## [EXTRACTED RECORDS]
Lemma vol_enlarge_setD_ge_pow (A : set Rd) (eps : R) (k : nat) :
  A `<=` K -> Lmeasurable A -> (forall a, A a -> rho < dist2 y a) ->
  0 < eps < D -> D / rho < k%:R * (eps / D) ->
  (((1 - eps / D) ^+ (k * d))%:E * vol A <=
     k%:R%:E * vol (enlarge K A eps `\` A))%E.
Proof.
move=> AK mA Afar /andP[eps0 epsD] kt_gt.
have /andP[t_ge0 t_lt1] : 0 <= eps / D < 1.
  by rewrite divr_ge0 ?(ltW eps0) ?(ltW D_gt0) // ltr_pdivrMr // mul1r.
have disjA : homothety y ((1 - eps / D) ^+ k) @` A `&` A = set0.
  apply: homothety_far_disjoint => //.
    by apply: exprn_ge0; rewrite subr_ge0 (ltW t_lt1).
  by apply: onem_pow_mulr_lt; rewrite ?(ltW D_gt0) ?t_ge0 ?(ltW t_lt1).
have lam_range : 0 < 1 - eps / D <= 1 by apply/andP; split; lra.
apply: le_trans (vol_homothety_shell lam_range mA disjA) _.
apply: lee_wpmul2l; first by rewrite lee_fin ler0n.
apply: le_vol => x [hx notA]; split => //.
by apply: homothety_subset_enlarge hx => //; rewrite (ltW eps0) (ltW epsD).
Qed.

Lemma vol_enlarge_setD_ge : exists2 c : R, 0 < c &
  forall (A : set Rd) (eps : R), A `<=` K -> Lmeasurable A ->
    (forall a, A a -> rho < dist2 y a) -> 0 < eps <= D / 2 ->
    ((c * eps)%:E * vol A <= vol (enlarge K A eps `\` A))%E.
Proof.
pose B := D / rho + 1; have B_gt0 : 0 < B by rewrite ltr_wpDl ?divr_ge0 ?ltW.
pose L := expR (- (d%:R * (2 * B))).
exists (L / (B * D)) => [|A eps AK mA Afar /andP[eps0 epsD]].
  by rewrite divr_gt0 ?expR_gt0 ?mulr_gt0.
pose t := eps / D; have t_gt0 : 0 < t by rewrite divr_gt0.
have t_le : t <= 1 / 2 by rewrite ler_pdivrMr // mulrC mulrA mulr1.
pose k := (Num.truncn (D / rho / t)).+1.
have /andP[trunc_le trunc_gt] : (Num.truncn (D / rho / t))%:R <= D / rho / t < k%:R.
  by rewrite truncn_itv // !divr_ge0 ?ltW.
have kt_le : k%:R * t <= B.
  rewrite /k -natr1 mulrDl mul1r; apply: lerD; last lra.
  by rewrite -ler_pdivlMr.
have shell : (((1 - t) ^+ (k * d))%:E * vol A <=
    k%:R%:E * vol (enlarge K A eps `\` A))%E.
  apply: vol_enlarge_setD_ge_pow => //; last by rewrite -ltr_pdivrMr.
  by apply/andP; split; lra.
have L_le : (L%:E <= ((1 - t) ^+ (k * d))%:E)%E.
  rewrite lee_fin; apply: le_trans (expR_le_onem_pow (k * d) _); last first.
    by apply/andP; split; lra.
  rewrite ler_expR lerN2 natrM.
  have -> : (k%:R * d%:R) * (2 * t) = d%:R * (2 * (k%:R * t)) by ring.
  by apply: ler_wpM2l => //; apply: ler_wpM2l.
have -> : L / (B * D) * eps = t / B * L by rewrite /t; field; rewrite !gt_eqF.
have tB_ge0 : (0 <= (t / B)%:E)%E by rewrite lee_fin divr_ge0 ?(ltW t_gt0) ?(ltW B_gt0).
rewrite EFinM -muleA.
apply: le_trans (lee_wpmul2l tB_ge0 (le_trans (lee_wpmul2r (vol_ge0 A) L_le) shell)) _.
rewrite muleA -EFinM -[leRHS]mul1e lee_wpmul2r ?vol_ge0 // lee_fin.
by rewrite mulrAC ler_pdivrMr // mul1r mulrC.
Qed.

End restricted_isoperimetry.

Section layer_cake.
Context {R : realType} {d : nat}.
Local Notation Rd := 'rV[R]_d.
Local Notation leb := (@lebesgue_measure R).
Variable f : Rd -> R.
Implicit Types S : set Rd.

Definition superlevel_vol S (t : R) : \bar R := vol [set x | S x /\ t < expR (- f x)].

Lemma int_expmfE S :
  int_expmf f S = (\int[leb]_(t in `[0%R, +oo[) superlevel_vol S t)%E.
Proof. by []. Qed.

Lemma le_superlevel_vol S t : (superlevel_vol S t <= vol S)%E.
Proof. by apply: le_vol => x []. Qed.

Lemma superlevel_vol_ge0 S t : (0 <= superlevel_vol S t)%E.
Proof. exact: vol_ge0. Qed.

Lemma measurable_superlevel_vol S :
  (vol S < +oo)%E -> measurable_fun (`[0%R, +oo[ : set R) (superlevel_vol S).
Proof.
move=> volS; have fin t : superlevel_vol S t \is a fin_num.
  by rewrite ge0_fin_numE ?superlevel_vol_ge0 // (le_lt_trans (le_superlevel_vol _ _)).
have -> : superlevel_vol S = EFin \o (fun t => fine (superlevel_vol S t)).
  by apply/funext => t /=; rewrite fineK.
apply/measurable_EFinP; apply: nonincreasing_measurable; first exact: measurable_itv.
move=> s t st; apply: fine_le; rewrite ?fin //.
by apply: le_vol => x [Sx tx]; split => //; exact: le_lt_trans st tx.
Qed.

Lemma int_expmf_ge0 S : (0 <= int_expmf f S)%E.
Proof. by apply: integral_ge0 => t _; exact: vol_ge0. Qed.

Lemma integral_itv0_cst (a : R) (c : \bar R) : 0 < a ->
  (\int[leb]_(t in `[0%R, a[) c = a%:E * c)%E.
Proof.
move=> a0; rewrite integral_cst; last exact: measurable_itv.
rewrite muleC; congr (_ * _)%E; have := lebesgue_measure_itv `[0%R, a[.
by rewrite /= lte_fin a0 sube0 => <-.
Qed.

Lemma int_expmf_ge S (a : R) : 0 < a -> (vol S < +oo)%E ->
  (forall x, S x -> a <= expR (- f x)) -> (a%:E * vol S <= int_expmf f S)%E.
Proof.
move=> a0 volS Sa; rewrite int_expmfE -integral_itv0_cst //.
have sub : (`[0%R, a[ : set R) `<=` `[0%R, +oo[.
  by move=> t /=; rewrite !in_itv /= andbT => /andP[].
have mS := measurable_superlevel_vol volS.
apply: le_trans _ (ge0_subset_integral leb (measurable_itv _) (measurable_itv _) mS
  (fun t _ => superlevel_vol_ge0 S t) sub).
apply: ge0_le_integral => //.
- by move=> t _; exact: vol_ge0.
- exact: measurable_funS (measurable_itv _) sub mS.
move=> t /=; rewrite in_itv /= => /andP[_ ta].
by apply: le_vol => x Sx; split => //; exact: lt_le_trans ta (Sa x Sx).
Qed.

Lemma int_expmf_le S (b : R) : 0 < b -> (vol S < +oo)%E ->
  (forall x, S x -> expR (- f x) <= b) -> (int_expmf f S <= b%:E * vol S)%E.
Proof.
move=> b0 volS Sb; rewrite int_expmfE -integral_itv0_cst //.
have splitU : `[0%R, +oo[%classic = `[0%R, b[%classic `|` `[b, +oo[%classic :> set R.
  by rewrite (@itv_bndbnd_setU _ _ _ (BLeft b)) // bnd_simp ltW.
rewrite splitU integral_setU //; first last.
- apply: lt_disjoint => s t; rewrite !in_itv /= andbT => /andP[_ sb] bt.
  exact: lt_le_trans sb bt.
- by rewrite -splitU; exact: measurable_superlevel_vol.
rewrite [X in (_ + X)%E]integral0_eq ?adde0 => [|t /=]; last first.
  rewrite in_itv /= andbT => bt; rewrite /superlevel_vol -[RHS](@vol0 R d).
  congr vol; apply/seteqP; split => x // [Sx tx].
  by have := lt_le_trans tx (le_trans (Sb x Sx) bt); rewrite ltxx.
have sub : (`[0%R, b[ : set R) `<=` `[0%R, +oo[ by rewrite splitU; exact: subsetUl.
apply: ge0_le_integral => //.
- by move=> t _; exact: vol_ge0.
- exact: measurable_funS (measurable_itv _) sub (measurable_superlevel_vol volS).
- by move=> t _; exact: le_superlevel_vol.
Qed.

Lemma int_expmf_split A B : A `<=` B -> Lmeasurable A -> (vol B < +oo)%E ->
  int_expmf f B = (int_expmf f A + int_expmf f (B `\` A))%E.
Proof.
move=> AB mA volB.
have volA : (vol A < +oo)%E by apply: le_lt_trans volB; exact: le_vol.
have volBA : (vol (B `\` A) < +oo)%E by apply: le_lt_trans volB; apply: le_vol => x [].
rewrite !int_expmfE -ge0_integralD //; last 4 first.
- by move=> t _; exact: superlevel_vol_ge0.
- exact: measurable_superlevel_vol.
- by move=> t _; exact: superlevel_vol_ge0.
- exact: measurable_superlevel_vol.
apply: eq_integral => t _.
rewrite /superlevel_vol (mA [set x | B x /\ t < expR (- f x)]).
congr (_ + _)%E; congr vol; apply/seteqP; split => x /=.
- by move=> [[]].
- by move=> [Ax tx]; split => //; split => //; exact: AB.
- by move=> [[Bx tx] nA].
- by move=> [[Bx nA] tx].
Qed.

End layer_cake.

Section bounded_density.
Context {R : realType} {d : nat}.
Local Notation Rd := 'rV[R]_d.

Lemma subset_enlarge (K A : set Rd) (eps : R) :
  A `<=` K -> 0 <= eps -> A `<=` enlarge K A eps.
Proof.
move=> AK eps0 x Ax; split; first exact: AK.
apply: le_trans (ereal_inf_lbound _) _; first by exists x.
by rewrite dist2xx lee_fin.
Qed.
(* Let $1\le r\le n$ and let $P_1,\dots,P_n$ be PRDS p-values satisfying the strong alternatives assumption: for every $\alpha>0$ and every $i$, $\sup_{\theta_i\in\Theta_{1i}}\Pr_{\theta_i}(P_i\le\alpha)=1$. Let $f(P_1,\dots,P_n)$ be a valid monotone p-value for $H_0^{r/n}$, and for $u\subset\{1,\dots,n\}$ with $|u|=n-r+1$ define $$g_u(\boldsymbol p_u)=\inf_{\boldsymbol p_{-u}\in(0,1]^{r-1}} f(p_1,\dots,p_n).$$ Then $g_u$ is a valid monotone meta-analysis p-value for $H_{0u}$.
   Context: Component hypotheses $H_{0i}:\theta_i\in\Theta_{0i}$ vs $H_{1i}:\theta_i\in\Theta_{1i}$ ($\Theta_i=\Theta_{0i}\cup\Theta_{1i}$ disjoint), $i=1,\dots,n$; $P_i$ has distribution $\Pr_{\theta_i}$ and each $P_i$ is valid: $\sup_{\theta_i\in\Theta_{0i}}\Pr_{\theta_i}(P_i\le\alpha)\le\alpha$ for all $\alpha\in[0,1]$. The joint law of $\boldsymbol P$ is $\Pr_\theta$, $\theta\in\prod_i\Theta_i$. PRDS means positively regression dependent in the sense of Benjamini and Yekutieli (2001) under every $\theta$; in particular $\Pr_\theta(P_1\le p_1,\dots,P_n\le p_n)\ge\prod_i\Pr_{\theta_i}(P_i\le p_i)$ for all $\boldsymbol p\in[0,1]^n$ and all $\theta$. For $u\subset\{1,\dots,n\}$, $-u$ is its complement, $\boldsymbol p_u=(p_j)_{j\in u}$, $H_{0u}$: $\theta_j\in\Theta_{0j}$ for all $j\in u$ (null space $\Theta_{0u}$). $H_0^{r/n}$: at most $r-1$ of the $H_{0i}$ are false, null space $\Theta_0^{r/n}$. A combined p-value $f$ is valid for $H_0^{r/n}$ if $\sup_{\theta\in\Theta_0^{r/n}}\Pr_\theta(f(\boldsymbol P)\le\alpha)\le\alpha$ for all $\alpha\in[0,1]$, and monotone if $f$ is non-decreasing in each argument; a meta-analysis p-value $g_u$ is valid for $H_{0u}$ if $\sup_{\theta_u\in\Theta_{0u}}\Pr_{\theta_u}(g_u(\boldsymbol P_u)\le\alpha)\le\alpha$ for all $\alpha$. *)

From HB Require Import structures.
From mathcomp Require Import all_boot all_order all_algebra.
From mathcomp Require Import all_classical all_reals all_analysis.
Set Implicit Arguments. Unset Strict Implicit. Unset Printing Implicit Defensive.
Import Order.TTheory GRing.Theory Num.Theory.
Local Open Scope classical_set_scope.
Local Open Scope ring_scope.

## [WORK ITEM]
From the listing above, output exactly the run of lines that starts with the line containing "apply/measurable_EFinP; apply: nonincreasing_measurable;" and ends with the line containing "a[ : set R)".

## [RESPONSE FOR THIS EXERCISE]
apply/measurable_EFinP; apply: nonincreasing_measurable; first exact: measurable_itv.
move=> s t st; apply: fine_le; rewrite ?fin //.
by apply: le_vol => x [Sx tx]; split => //; exact: le_lt_trans st tx.
Qed.

Lemma int_expmf_ge0 S : (0 <= int_expmf f S)%E.
Proof. by apply: integral_ge0 => t _; exact: vol_ge0. Qed.

Lemma integral_itv0_cst (a : R) (c : \bar R) : 0 < a ->
  (\int[leb]_(t in `[0%R, a[) c = a%:E * c)%E.
Proof.
move=> a0; rewrite integral_cst; last exact: measurable_itv.
rewrite muleC; congr (_ * _)%E; have := lebesgue_measure_itv `[0%R, a[.
by rewrite /= lte_fin a0 sube0 => <-.
Qed.

Lemma int_expmf_ge S (a : R) : 0 < a -> (vol S < +oo)%E ->
  (forall x, S x -> a <= expR (- f x)) -> (a%:E * vol S <= int_expmf f S)%E.
Proof.
move=> a0 volS Sa; rewrite int_expmfE -integral_itv0_cst //.
have sub : (`[0%R, a[ : set R) `<=` `[0%R, +oo[.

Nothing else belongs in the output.